Flankiert von Regierungssprecher Peter Buri (l.) und Staatsschreiber Peter Grünenfelder erläuterte Finanzdirektor Roland Brogli gestern die Sparabsichten der Regierung.Annika Bütschi

Trotz Steuerentlastungen werden die Steuereinnahmen insgesamt auch in den nächsten Jahren wachsen,

So helfen die anderen Departemente sparen

Volkswirtschaft und Inneres

Die Regierung will mit einer Erhöhung des Kostendeckungsgrads bei Strafverfahren 3 Millionen Franken jährlich zusätzlich einnehmen. Heute betragen die Strafbefehlsgebühren 39 bis 1560 Franken. Künftig sollen sie wegen massiver Mehrkosten aufgrund der neuen Schweizerischen Strafprozessordnung zwischen 200 und 10 000 Franken (30 bis 150 im Jugendstrafverfahren) betragen. Weiter soll bei Überweisung eines Verfahrens an die Gerichte eine Anklagegebühr für verurteilte Personen von 300 bis 15 000 Franken erhoben werden (bei Jugendverfahren 30 bis 150 Franken). Erwartete Mehreinnahmen: 500 000 Franken. Weiter schlägt «Aarau» den Verzicht der bisherigen Abgeltung für kriminalpolizeiliche Tätigkeiten an die Stadtpolizei Baden und die Regionalpolizei Brugg vor. Die Kapo soll diese Aufgaben übernehmen (und den Mehraufwand intern kompensieren).
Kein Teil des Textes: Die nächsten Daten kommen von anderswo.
(* Let $\mathbb{X},\mathbb{Y}$ be finite-dimensional real Hilbert spaces, $f:\mathbb{X}\to(-\infty,\infty]$ and $g:\mathbb{Y}\to(-\infty,\infty]$ proper, convex and lower semicontinuous, $K:\mathbb{X}\to\mathbb{Y}$ linear, and $h:\mathbb{X}\to\mathbb{R}$ convex and differentiable with $\bar L$-Lipschitz gradient. Assume (A1) below holds and that $g^*$ is strongly convex with modulus $\gamma_{g^*}>0$ and $h$ is strongly convex with modulus $\gamma_h>0$. Let $\{(z_n,x_n,w_n,y_n,\tau_n)\}$ be generated by the P-GRPDA algorithm described in the context, and suppose $\{(x_n,y_n)\}$ converges to the unique primal-dual solution $(\bar x,\bar y)$. Then there exist constants $V_1,V_2,Z>0$, a scalar $\zeta\in(0,1)$ and a natural number $n_4$ such that for all $n\ge n_4$, $$\|\bar x-z_{n+2}\|^2\le Z\zeta^n,\qquad\|\bar y-y_n\|^2\le V_1\zeta^n,\qquad\|x_n-x_{n+1}\|^2\le V_2\zeta^n,$$ and thus $\{(x_n,y_n)\}$ converges R-linearly to $(\bar x,\bar y)$.
   Context: $\phi=\frac{1+\sqrt5}{2}$; $K^*$ adjoint of $K$; $g^*$ Fenchel conjugate of $g$; $\operatorname{prox}_{\lambda f}(x)=\arg\min_{u}\{f(u)+\frac{1}{2\lambda}\|u-x\|^2\}$. (A1): the saddle point problem $\min_{x}\max_{y}\mathbb{L}(x,y):=f(x)+h(x)+\langle Kx,y\rangle-g^*(y)$ has a nonempty solution set, and $0\in\operatorname{ri}(K(\operatorname{dom}f)-\operatorname{dom}g)$ (ri = relative interior). (The paper also assumes the proximal maps of $f,g$ are efficiently computable.) A primal-dual solution is a saddle point $(\bar x,\bar y)$ of $\mathbb{L}$. Strong convexity: $h(y)-h(z)\ge\langle\nabla h(z),y-z\rangle+\frac{\gamma_h}{2}\|y-z\|^2$ for all $y,z$; $g^*(y)-g^*(z)\ge\langle u,y-z\rangle+\frac{\gamma_{g^*}}{2}\|y-z\|^2$ for all $y,z$ and all $u\in\partial g^*(z)$. A sequence $v_n$ converges R-linearly to $v$ if $\|v_n-v\|\le M\epsilon_n$ for all large $n$ with some $M>0$ and some sequence $\epsilon_n$ converging Q-linearly to $0$ (i.e. $|\epsilon_{n+1}|\le q|\epsilon_n|$ for large $n$, some $q\in(0,1)$). P-GRPDA: choose $x_0\in\mathbb{X}$, $y_0\in\mathbb{Y}$, set $z_0=x_0$, choose $\beta>0$, $\psi\in(1,\phi]$, $0<2\mu'<\mu<\psi/2$, $\tau_0>0$. For $n=1,2,\dots$: $z_n=\frac{\psi-1}{\psi}x_{n-1}+\frac1\psi z_{n-1}$; $x_n=\operatorname{prox}_{\tau_{n-1}f}\big(z_n-\tau_{n-1}K^*y_{n-1}-\tau_{n-1}\nabla h(x_{n-1})\big)$; $\tau_n=\min\left\{\tau_{n-1},\ \frac{\mu\|x_n-x_{n-1}\|}{\sqrt\beta\|Kx_n-Kx_{n-1}\|},\ \frac{\mu'\|x_n-x_{n-1}\|}{\|\nabla h(x_n)-\nabla h(x_{n-1})\|}\right\}$, $\sigma_n=\beta\tau_n$; $w_n=\operatorname{prox}_{\frac{1}{\sigma_n}g}\big(\frac{y_{n-1}}{\sigma_n}+Kx_n\big)$; $y_n=y_{n-1}+\sigma_n(Kx_n-w_n)$. Conventions in the $\tau_n$ update: $1/0=\infty$ (a term with zero denominator and nonzero numerator is ignored) and $0/0=\infty$ (so $\tau_n=\tau_{n-1}$ if $x_n=x_{n-1}$). *)

(* R : realType, finite-dimensional real Hilbert spaces are
   modelled as row vectors 'rV[R]_n with the standard (Euclidean) inner product. *)
From HB Require Import structures.
From mathcomp Require Import all_boot all_order all_algebra.
From mathcomp Require Import boolp classical_sets reals constructive_ereal ereal.
Set Implicit Arguments. Unset Strict Implicit. Unset Printing Implicit Defensive.
Import Order.TTheory GRing.Theory Num.Theory.
Local Open Scope ring_scope.
Local Open Scope classical_set_scope.

Section Defs.
Variable R : realType.

Definition dotv {n : nat} (u v : 'rV[R]_n) : R := \sum_(i < n) u ord0 i * v ord0 i.
Definition enorm {n : nat} (u : 'rV[R]_n) : R := Num.sqrt (dotv u u).

Definition proper_fun {n : nat} (f : 'rV[R]_n -> \bar R) : Prop :=
  (forall x, -oo < f x)%E /\ exists x, (f x < +oo)%E.

Definition convex_efun {n : nat} (f : 'rV[R]_n -> \bar R) : Prop :=
  forall (x y : 'rV[R]_n) (t : R), 0 < t < 1 ->
    (f (t *: x + (1 - t) *: y)%R <= t%:E * f x + (1 - t)%R%:E * f y)%E.

Definition convex_rfun {n : nat} (h : 'rV[R]_n -> R) : Prop :=
  forall (x y : 'rV[R]_n) (t : R), 0 <= t <= 1 ->
    h (t *: x + (1 - t) *: y) <= t * h x + (1 - t) * h y.

Definition lsc_efun {n : nat} (f : 'rV[R]_n -> \bar R) : Prop :=
  forall (x : 'rV[R]_n) (a : R), (a%:E < f x)%E ->
    exists2 d : R, 0 < d & forall u, enorm (u - x) < d -> (a%:E < f u)%E.

Definition is_gradient {n : nat} (h : 'rV[R]_n -> R) (gh : 'rV[R]_n -> 'rV[R]_n) : Prop :=
  forall (x : 'rV[R]_n) (eps : R), 0 < eps ->
    exists2 d : R, 0 < d & forall v, enorm v < d ->
      `| h (x + v) - h x - dotv (gh x) v | <= eps * enorm v.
Sparziel: 250 000 Franken. Von einer Neuausgestaltung der Aufsicht über die kommunalen Finanzen verspricht sich « Aarau» Einsparungen von bis 234 000 Franken.

Finanzen und Ressourcen

Mit einem wirksamen, obligatorischen Case Management wird eine bessere Beratung und Begleitung erkrankter oder verunfallter Mitarbeitender angestrebt. Das braucht eine Gesetzesänderung. Eine finanzielle Einsparung wird aber nicht erwartet, da laut regierungsrätlicher Botschaft «zum jetzigen Zeitpunkt bereits alle betroffenen Mitarbeitenden begleitet werden». Bei weiteren geplanten Massnahmen hat sich laut Regierung in der weiteren Abklärung gezeigt, dass sie keinen Grossratsentscheid erfordern, sondern in der Kompetenz der Regierung bearbeitet werden können. Es handelt sich dabei um die folgenden beiden Massnahmen: Erstens geht es um die geplante Erhöhung der Erträge des Aargauischen Geografischen Informationssystems (Agis). Dessen Dienstleistungen sollen künftig kostendeckend an Dritte (Gemeinden, Planungsbüros etc.) verrechnet werden. Das soll jährlich 100 000 Franken bringen. Zweitens geht es um die Gebührenerhöhung bei Baugesuchsprüfungen und Raumplanungsfragen. Hier erwartet die Regierung eine Ertragssteigerung von 750 000 Franken.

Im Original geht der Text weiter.